The end of the graduate wage premium? Having a degree brings “smaller rewards in the job market than it used to”, except in London where graduates enjoy the same “wage premium” as they did in 1997, explains the Financial Times’ John Burn-Murdoch. He argues that this phenomenon is a symptom of “low investment and low or zero productivity growth” and says that instead of sending fewer people to university, we should focus on creating more “graduate-quality jobs”.
“Unchartered territory”. A new report signed by 15,000 researchers from 163 countries warns that we are “entering an unfamiliar domain regarding our climate crisis” which could lead to “worldwide societal breakdown”. It highlights worrying statistics about the extent of the climate crisis, including the fact that an estimated 3 to 6 billion individuals (approximately one-third to one-half of the global population) might find themselves confined to uninhabitable regions by the end of this century.
Grid decarbonisation.
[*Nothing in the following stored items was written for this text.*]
Lemma lat_rep_pullback R (M N : structure lat_sig)
    (e : car N tt -> car R S -> car R S -> Prop) (h : car M tt -> car N tt) :
  lat_rep e -> lat_morph h -> injective h -> lat_rep (fun a => e (h a)).
Proof.
move=> [e_equiv e_inj e_meet e_join] h_morph h_inj.
split=> [a | a b | a b x y | a b x y].
- exact: e_equiv.
- by move/e_inj/h_inj.
- by rewrite (lat_morphM h_morph).
- by rewrite (lat_morphJ h_morph).
Qed.

Lemma lat_rep_total (M : structure lat_sig) :
  (forall a b : car M tt, a = b) -> @lat_rep (empty_prod Sg) M (fun _ _ _ => True).
Proof.
move=> M_eq; split=> [a | a b _ | a b x y | a b x y] //.
by split=> // _; apply: bowtie_singleton => //; exact: empty_prod_eq.
Qed.

Section Products.

Variables (I : Type) (M : I -> structure lat_sig) (R : I -> structure Sg).
Variable e : forall i, car (M i) tt -> car (R i) S -> car (R i) S -> Prop.
Arguments e : clear implicits.
Hypotheses (e_rep : forall i, lat_rep (e i))
  (R_inh : forall i, inhabited (car (R i) S)).

Definition prod_eps (a : car (prod_struct M) tt) (x y : car (prod_struct R) S) :=
  forall i, e i (a i) (x i) (y i).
A new Public First report, commissioned by RenewableUK, analyses the “detail and political rationale” behind the Labour Party’s plans to decarbonise the electricity grid by 2030, which many have warned are not achievable. Yet the report argues that the target is “not impossible - merely very difficult” and requires reducing overall demand for electricity (via improved energy efficiency) and reducing peak demand for electricity (by investing in storage technology and greater demand-side flexibility).
Falling wealth. Surging interest rates have triggered a “sharp reversal in wealth levels” across all parts of the UK, but particularly in Scotland, Wales and the North of England, according to new research by the Resolution Foundation. It argues that exposing households to “high asset price volatility” causes an arbitrary redistribution of wealth and calls for reforms to the tax system to “shift the tax burden towards wealthier parts of Britain”.
How will women vote? New research by the Women’s Budget Group finds that women voters are more likely to identify the NHS, the cost of living, and climate change as key priorities than men. For example, nearly two thirds of women (64%) named the NHS as a top priority while just under half of men (48%) did the same.
Bankers’ bonuses. This week, the cap on bankers’ bonuses will be lifted - a measure first announced in Kwasi Kwarteng’s controversial mini-budget and one which the financial regulator argues will make the UK more competitive. But many have argued that this is the wrong course in the middle of a cost of living crisis, with Luke Hildyard of the High Pay Centre, for example, arguing that “we can’t rely on the outsized incomes of a handful of super-rich bankers trickling down to lift slumping living standards for the wider population”.